Information:
= Beginning of Section =
(* Let $\rho$ be a normal ruling of a front of a Legendrian link $\Lambda$, let $o$ be an orientation of $\Lambda$ and $o^\rho$ an orientation of $\Lambda^\rho$. Then the quantity \[ e_2(\rho)\equiv s_-(\rho)+f_+(\rho,o,o^\rho)-f_-(\rho,o,o^\rho) \pmod 2 \] does not depend on the choices of $o$ and $o^\rho$.
   Context: Normal ruling: fix a front diagram of $\Lambda$ whose crossings and cusps have distinct $x$-coordinates. A normal ruling $\rho$ is a set of crossings (switches) such that, letting $\Lambda^\rho$ be the front obtained by resolving each switch into two horizontal non-crossing segments: (i) each component of $\Lambda^\rho$ is planar isotopic to the standard front of the maximal-$tb$ Legendrian unknot; (ii) exactly two components of $\Lambda^\rho$ are incident to each switch; (iii) in a small vertical strip around each switch, the two incident ruling disks are either nested or disjoint. $s_-(\rho)$ is the number of switches that are negative crossings (w.r.t. $o$). A crossing of $\Lambda^\rho$ is flipped if its sign computed from $o$ differs from its sign computed from $o^\rho$; $f_+(\rho,o,o^\rho)$ (resp. $f_-$) is the number of flipped crossings of $\Lambda^\rho$ that are positive (resp. negative) with respect to $o^\rho$. *)

From mathcomp Require Import all_boot all_order all_algebra.
Set Implicit Arguments. Unset Strict Implicit. Unset Printing Implicit Defensive.

(* A front whose crossings and cusps have distinct x-coordinates is encoded,
   up to planar isotopy, as the left-to-right list of its elementary events.
   Between consecutive events (at "slice" j, j = 0..size F) the front meets a
   vertical line in n_j points ("strands"), numbered 0,1,... from bottom to top.
   - Cross k : strands k and k+1 cross;
   - LCusp k : a left cusp creates two new strands at positions k, k+1
               (old strands at positions >= k move up by 2);
   - RCusp k : strands k and k+1 are joined by a right cusp
               (old strands above move down by 2).
   Event j lies between slice j and slice j+1. *)
Inductive event := Cross of nat | LCusp of nat | RCusp of nat.

Definition front := seq event.

Definition step (n : nat) (e : event) : nat :=
  match e with Cross _ => n | LCusp _ => n.+2 | RCusp _ => n.-2 end.

Definition nstr (F : front) (j : nat) : nat := foldl step 0 (take j F).

Definition ev (F : front) (j : nat) : event := nth (Cross 0) F j.

Definition valid_event (n : nat) (e : event) : bool :=
  match e with
  | Cross k => k.+1 < n
  | LCusp k => k <= n
  | RCusp k => k.+1 < n
  end.

Definition valid_front (F : front) : Prop :=
  (forall j, j < size F -> valid_event (nstr F j) (ev F j)) /\
  nstr F (size F) = 0.

Definition is_crossing (F : front) (j : nat) : bool :=
  (j < size F) && (if ev F j is Cross _ then true else false).

Definition swap (k p : nat) : nat :=
  if p == k then k.+1 else if p == k.+1 then k else p.
Definition shup (k p : nat) : nat := if p < k then p else p.+2.
Definition shdn (k p : nat) : nat := if p < k then p else p - 2.

(* An orientation is recorded as the direction of every strand
   at every slice: o j p = true iff the strand at position p of slice j points
   to the right (increasing x).  Directions are carried along strands, and the
   two branches at a cusp have opposite directions.  [sw] = true means that the
   crossing has been resolved (switch): the two strands then continue
   horizontally at the same positions. *)
Definition orient_step (n : nat) (e : event) (sw : bool) (a b : nat -> bool)
  : Prop :=
  match e with
  | Cross k =>
      if sw then forall p, p < n -> b p = a p
      else forall p, p < n -> b (swap k p) = a p
  | LCusp k => b k != b k.+1 /\ forall p, p < n -> b (shup k p) = a p
  | RCusp k => a k != a k.+1 /\
      forall p, p < n -> p != k -> p != k.+1 -> b (shdn k p) = a p
  end.

(* orientation of the front Lambda^rho obtained from F by resolving every
   crossing whose index is in S into two horizontal non-crossing segments *)
Definition is_orientation_res (F : front) (S : seq nat) (o : nat -> nat -> bool)
  : Prop :=
  forall j, j < size F -> orient_step (nstr F j) (ev F j) (j \in S) (o j) (o j.+1).

Definition is_orientation (F : front) (o : nat -> nat -> bool) : Prop :=
  is_orientation_res F [::] o.

(* Following the standard combinatorial description, the
   components of Lambda^rho (eyes) are recorded by a pairing of the strands at
   each slice: s p = the position of the other boundary strand of the ruling
   disk containing strand p. *)
Definition pairing (n : nat) (s : nat -> nat) : Prop :=
  forall p, p < n -> [/\ s p < n, s p != p & s (s p) = p].

(* at a switch at strands k, k+1 with partners a = s k, b = s (k+1), the two
   ruling disks are disjoint or nested *)
Definition normal_switch (k a b : nat) : bool :=
  [|| (a < k) && (k.+1 < b), (b < a) && (a < k) | (k.+1 < b) && (b < a)].

Definition ruling_step (n : nat) (e : event) (sw : bool) (s t : nat -> nat)
  : Prop :=
  match e with
  | Cross k => s k != k.+1 /\
      (if sw then normal_switch k (s k) (s k.+1) /\ forall p, p < n -> t p = s p
       else forall p, p < n -> t (swap k p) = swap k (s p))
  | LCusp k => t k = k.+1 /\ forall p, p < n -> t (shup k p) = shup k (s p)
  | RCusp k => s k = k.+1 /\
      forall p, p < n -> p != k -> p != k.+1 -> t (shdn k p) = shdn k (s p)
  end.

Definition normal_ruling (F : front) (S : seq nat) : Prop :=
  (forall j, j \in S -> is_crossing F j) /\
  exists sigma : nat -> nat -> nat,
    (forall j, j <= size F -> pairing (nstr F j) (sigma j)) /\
    (forall j, j < size F ->
       ruling_step (nstr F j) (ev F j) (j \in S) (sigma j) (sigma j.+1)).

(* Sign of a crossing in a front: positive iff both strands point the same
   way in the x-direction. *)
Definition pos_at (o : nat -> nat -> bool) (j k : nat) : bool := o j k == o j k.+1.

Definition s_minus (F : front) (S : seq nat) (o : nat -> nat -> bool) : nat :=
  count (fun j => (j \in S) &&
           (if ev F j is Cross k then ~~ pos_at o j k else false))
        (iota 0 (size F)).

Definition f_count (b : bool) (F : front) (S : seq nat) (o orho : nat -> nat -> bool)
  : nat :=
  count (fun j => (j \notin S) &&
           (if ev F j is Cross k then
              (pos_at o j k != pos_at orho j k) && (pos_at orho j k == b)
            else false))
        (iota 0 (size F)).

Definition f_plus := f_count true.
Definition f_minus := f_count false.

Definition e2 (F : front) (S : seq nat) (o orho : nat -> nat -> bool) : int :=
  (((s_minus F S o)%:Z + (f_plus F S o orho)%:Z - (f_minus F S o orho)%:Z) %% 2)%Z.

(* Compare two orientations of the same front slice by slice through the word
   of strands on which they disagree.  The parity of the number of inversions
   of this word (a disagreeing strand below an agreeing one) is unchanged by a
   cusp, which inserts or deletes two equal adjacent letters, and by a resolved
   crossing; a genuine crossing swaps two adjacent letters, so it changes the
   parity exactly when its sign differs for the two orientations.  As the word
   is empty at both ends, such crossings are even in number, for Lambda and for
   Lambda^rho alike.  Modulo 2, e_2 counts the switches that are negative for o
   plus the other crossings whose signs for o and o^rho differ, and replacing
   (o, o^rho) by another pair changes this by exactly those two even counts. *)

From mathcomp Require Import all_boot all_order all_algebra zify.
Set Implicit Arguments. Unset Strict Implicit. Unset Printing Implicit Defensive.

Lemma swapK k : involutive (swap k).
Proof.
move=> p; rewrite /swap.
case: (eqVneq p k) => [->|pk]; rewrite ?eqxx; first by case: ifP => // /eqP; lia.
case: (eqVneq p k.+1) => [->|pk1]; first by rewrite eqxx.
by rewrite (negbTE pk) (negbTE pk1).
Qed.

Lemma swap_lt k n p : k.+1 < n -> p < n -> swap k p < n.
Proof. by rewrite /swap; case: eqP => [->|_]; [|case: eqP => [->|_]]; lia. Qed.

Lemma shupK k : cancel (shup k) (shdn k).
Proof.
move=> p; rewrite /shup /shdn; case: (ltnP p k) => [->|h] //.
by rewrite ifF ?subn2 //; apply/negbTE; lia.
Qed.

Lemma shup_neq k p : (shup k p != k) && (shup k p != k.+1).
Proof. by rewrite /shup; case: (ltnP p k); lia. Qed.

Lemma shup_lt k n p : p < n -> shup k p < n.+2.
Proof. by rewrite /shup; case: (ltnP p k); lia. Qed.

Lemma nstrS F j : j < size F -> nstr F j.+1 = step (nstr F j) (ev F j).
Proof. by move=> lt_j; rewrite /nstr (take_nth (Cross 0) lt_j) -cats1 foldl_cat. Qed.

Section Mkseq.
Variable T : Type.
Implicit Types f g : nat -> T.

Lemma eq_in_mkseq f g n : (forall p, p < n -> f p = g p) -> mkseq f n = mkseq g n.
Proof. by move=> fg; apply/eq_in_map => p; rewrite mem_iota add0n => /fg. Qed.

Lemma mkseqD f m n : mkseq f (m + n) = mkseq f m ++ mkseq (fun q => f (m + q)) n.
Proof. by rewrite /mkseq iotaD map_cat add0n -{2}[m]addn0 iotaDl -map_comp. Qed.

Lemma mkseq_swap f g n k : k.+1 < n -> (forall p, p < n -> g (swap k p) = f p) ->
  exists s1 s2, mkseq f n = s1 ++ [:: f k, f k.+1 & s2] /\
                mkseq g n = s1 ++ [:: f k.+1, f k & s2].
Proof.
move=> lt_k1n gf; have {}gf p : p < n -> g p = f (swap k p).
  by move=> lt_pn; rewrite -gf ?swapK // swap_lt.
have -> : n = k + (2 + (n - k.+2)) by lia.
rewrite !mkseqD /= !addn0 !addn1.
exists (mkseq f k), (mkseq (fun q => f (k + (2 + q))) (n - k.+2)); split=> //.
congr (_ ++ [:: _, _ & _]).
- apply: eq_in_mkseq => p lt_pk; rewrite gf; last lia.
  by rewrite /swap !ifN //; lia.
- by rewrite gf ?(ltnW lt_k1n) // /swap eqxx.
- by rewrite gf // /swap ifN ?eqxx //; lia.
- apply: eq_in_mkseq => p lt_p; rewrite gf; last lia.
  by rewrite /swap !ifN //; lia.
Qed.

Lemma mkseq_shup f g n k : k <= n -> (forall p, p < n -> g (shup k p) = f p) ->
  exists s1 s2, mkseq f n = s1 ++ s2 /\ mkseq g n.+2 = s1 ++ [:: g k, g k.+1 & s2].
Proof.
move=> le_kn gf; rewrite (_ : n.+2 = k + (2 + (n - k))); last lia.
rewrite {1}(_ : n = k + (n - k)); last lia.
rewrite !mkseqD /= !addn0 !addn1.
exists (mkseq f k), (mkseq (fun q => f (k + q)) (n - k)); split=> //.
congr (_ ++ [:: _, _ & _]); apply: eq_in_mkseq => p lt_p; rewrite -gf; try lia.
- by rewrite /shup lt_p.
- by rewrite /shup ifF ?addnS //; apply/negbTE; lia.
Qed.

End Mkseq.

Fixpoint inversions (s : seq bool) : nat :=
  if s is x :: s' then x * count negb s' + inversions s' else 0.

Lemma odd_inversions_pair s1 s2 b :
  odd (inversions (s1 ++ [:: b, b & s2])) = odd (inversions (s1 ++ s2)).
Proof.
elim: s1 => [|x s1 IH] /=; rewrite !(oddD, oddM) ?count_cat ?IH /= ?(oddD, oddM);
by case: (b) => /=; rewrite ?addKb ?negbK.
Qed.

Lemma odd_inversions_swap s1 s2 x y :
  odd (inversions (s1 ++ [:: x, y & s2])) =
  (x != y) (+) odd (inversions (s1 ++ [:: y, x & s2])).
Proof.
elim: s1 => [|z s1 IH] /=; rewrite !(oddD, oddM) ?count_cat ?IH /= ?(oddD, oddM).
  move: (odd (count negb s2)) (odd (inversions s2)) => c i.
  by case: x; case: y; case: c; case: i.
move: (odd (count negb s1)) (odd (count negb s2)) (odd (inversions _)) => c1 c2 i.
by case: (x); case: (y); case: z; case: c1; case: c2; case: i.
Qed.

Lemma addb_neq x1 y1 x2 y2 : x1 != y1 -> x2 != y2 -> x1 (+) x2 = y1 (+) y2.
Proof. by case: x1; case: y1; case: x2; case: y2. Qed.

Definition orient_diff (a b : nat -> bool) (n : nat) : seq bool :=
  mkseq (fun p => a p (+) b p) n.

Lemma odd_inversions_orient_step n e sw (a1 a2 b1 b2 : nat -> bool) :
  valid_event n e -> orient_step n e sw a1 b1 -> orient_step n e sw a2 b2 ->
  odd (inversions (orient_diff b1 b2 (step n e))) =
  odd (inversions (orient_diff a1 a2 n)) (+)
  (~~ sw && if e is Cross k then (a1 k == a1 k.+1) != (a2 k == a2 k.+1) else false).
Proof.
pose da p := a1 p (+) a2 p; pose db p := b1 p (+) b2 p.
rewrite /orient_diff -/da -/db.
case: e => k valid_k; rewrite /= in valid_k; last 2 first.
- case=> b1k ba1 [b2k ba2]; rewrite andbF addbF.
  have db_shup p : p < n -> db (shup k p) = da p by move=> lt_pn; rewrite /db ba1 ?ba2.
  have [s1 [s2 [-> ->]]] := mkseq_shup valid_k db_shup.
  by rewrite /db (addb_neq b1k b2k) odd_inversions_pair.
- case=> a1k ba1 [a2k ba2]; rewrite andbF addbF.
  have da_shup q : q < n.-2 -> da (shup k q) = db q.
    move=> lt_q; have /andP[neq_k neq_k1] := shup_neq k q.
    have lt_n : shup k q < n by move: (shup_lt k lt_q); lia.
    by rewrite /da /db -ba1 // -ba2 // shupK.
  have le_k : k <= n.-2 by lia.
  have [s1 [s2 [-> eq_a]]] := mkseq_shup le_k da_shup.
  rewrite -[n in mkseq da n](_ : n.-2.+2 = n); last lia.
  by rewrite eq_a /da (addb_neq a1k a2k) odd_inversions_pair.
case: sw => /= ba1 ba2.
  by rewrite addbF (@eq_in_mkseq _ db da) // => p lt_pn; rewrite /db ba1 ?ba2.
have db_swap p : p < n -> db (swap k p) = da p by move=> lt_pn; rewrite /db ba1 ?ba2.
have [s1 [s2 [-> ->]]] := mkseq_swap valid_k db_swap.
rewrite odd_inversions_swap addbC /da; congr addb.
by case: (a1 k); case: (a1 k.+1); case: (a2 k); case: (a2 k.+1).
Qed.

Definition sign_differs (F : front) (S : seq nat) (oa ob : nat -> nat -> bool)
  (j : nat) : bool :=
  (j \notin S) && if ev F j is Cross k then pos_at oa j k != pos_at ob j k else false.

Lemma sign_differs_even F S oa ob :
  valid_front F -> is_orientation_res F S oa -> is_orientation_res F S ob ->
  ~~ odd (count (sign_differs F S oa ob) (iota 0 (size F))).
Proof.
case=> valid_ev nstr_end oa_or ob_or.
have inv_slice j : j <= size F ->
    odd (inversions (orient_diff (oa j) (ob j) (nstr F j))) =
    odd (count (sign_differs F S oa ob) (iota 0 j)).
  elim: j => [|j IH] lt_j; first by rewrite /nstr take0.
  rewrite nstrS // (odd_inversions_orient_step (valid_ev j lt_j) (oa_or j lt_j) (ob_or j lt_j)).
  by rewrite IH 1?ltnW // -addn1 iotaD count_cat oddD /= addn0 add0n oddb.
by rewrite -inv_slice // nstr_end.
Qed.

Lemma odd_count_addb (T : Type) (p q : pred T) s :
  odd (count p s) (+) odd (count q s) = odd (count (fun x => p x (+) q x) s).
Proof.
elim: s => [|x s IH] //=; rewrite !oddD -IH.
by case: (p x); case: (q x); case: (odd (count p s)); case: (odd (count q s)).
Qed.

Lemma count_sign_differs F S o r :
  count (sign_differs F S o r) (iota 0 (size F)) = f_plus F S o r + f_minus F S o r.
Proof.
rewrite /f_plus /f_minus /f_count /sign_differs.
elim: (iota _ _) => //= j s ->; case: (ev F j) => [k||] /=; rewrite ?andbF //.
by case: (j \notin S); case: (pos_at o j k); case: (pos_at r j k) => //=; lia.
Qed.

Lemma e2_parity F S o r :
  e2 F S o r =
  (odd (s_minus F S o) (+) odd (count (sign_differs F S o r) (iota 0 (size F))) : nat).
Proof.
rewrite /e2 count_sign_differs.
set a := s_minus _ _ _; set b := f_plus _ _ _ _; set c := f_minus _ _ _ _.
have -> : (a%:Z + b%:Z - c%:Z = - c%:Z * 2 + (a + (b + c))%:Z)%R by rewrite !PoszD; lia.
by rewrite modzMDl modz_nat modn2 oddD.
Qed.

Theorem lemma3p2 (F : front) (S : seq nat) (o1 o2 orho1 orho2 : nat -> nat -> bool) :
  valid_front F -> normal_ruling F S ->
  is_orientation F o1 -> is_orientation F o2 ->
  is_orientation_res F S orho1 -> is_orientation_res F S orho2 ->
  e2 F S o1 orho1 = e2 F S o2 orho2.
Proof.
move=> valid_F _ o1_or o2_or r1_or r2_or; rewrite !e2_parity.
have /negbTE even_o := sign_differs_even valid_F o1_or o2_or.
have /negbTE even_r := sign_differs_even valid_F r1_or r2_or.
set l := iota 0 (size F).
suff -> : odd (s_minus F S o1) (+) odd (count (sign_differs F S o1 orho1) l) =
  odd (s_minus F S o2) (+) odd (count (sign_differs F S o2 orho2) l) (+)
  (odd (count (sign_differs F [::] o1 o2) l) (+) odd (count (sign_differs F S orho1 orho2) l)).
  by rewrite even_o even_r !addbF.
rewrite /s_minus !odd_count_addb; congr odd; apply: eq_count => j.
rewrite /sign_differs in_nil /=; case: (ev F j) => k; rewrite ?andbF //.
(* At a switch the e_2 term changes iff the sign for o changes; elsewhere it
   changes iff exactly one of the signs for o and for o^rho changes. *)
move: (j \in S) (pos_at o1 j k) (pos_at o2 j k) (pos_at orho1 j k) (pos_at orho2 j k).
by do 5!case.
Qed.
= End of Section =
Activity: Could you write out exactly the lines above, starting at the first one and ending with the line that has "(old strands above"?

Reply to the exercise:
(* Let $\rho$ be a normal ruling of a front of a Legendrian link $\Lambda$, let $o$ be an orientation of $\Lambda$ and $o^\rho$ an orientation of $\Lambda^\rho$. Then the quantity \[ e_2(\rho)\equiv s_-(\rho)+f_+(\rho,o,o^\rho)-f_-(\rho,o,o^\rho) \pmod 2 \] does not depend on the choices of $o$ and $o^\rho$.
   Context: Normal ruling: fix a front diagram of $\Lambda$ whose crossings and cusps have distinct $x$-coordinates. A normal ruling $\rho$ is a set of crossings (switches) such that, letting $\Lambda^\rho$ be the front obtained by resolving each switch into two horizontal non-crossing segments: (i) each component of $\Lambda^\rho$ is planar isotopic to the standard front of the maximal-$tb$ Legendrian unknot; (ii) exactly two components of $\Lambda^\rho$ are incident to each switch; (iii) in a small vertical strip around each switch, the two incident ruling disks are either nested or disjoint. $s_-(\rho)$ is the number of switches that are negative crossings (w.r.t. $o$). A crossing of $\Lambda^\rho$ is flipped if its sign computed from $o$ differs from its sign computed from $o^\rho$; $f_+(\rho,o,o^\rho)$ (resp. $f_-$) is the number of flipped crossings of $\Lambda^\rho$ that are positive (resp. negative) with respect to $o^\rho$. *)

From mathcomp Require Import all_boot all_order all_algebra.
Set Implicit Arguments. Unset Strict Implicit. Unset Printing Implicit Defensive.

(* A front whose crossings and cusps have distinct x-coordinates is encoded,
   up to planar isotopy, as the left-to-right list of its elementary events.
   Between consecutive events (at "slice" j, j = 0..size F) the front meets a
   vertical line in n_j points ("strands"), numbered 0,1,... from bottom to top.
   - Cross k : strands k and k+1 cross;
   - LCusp k : a left cusp creates two new strands at positions k, k+1
               (old strands at positions >= k move up by 2);
   - RCusp k : strands k and k+1 are joined by a right cusp
               (old strands above move down by 2).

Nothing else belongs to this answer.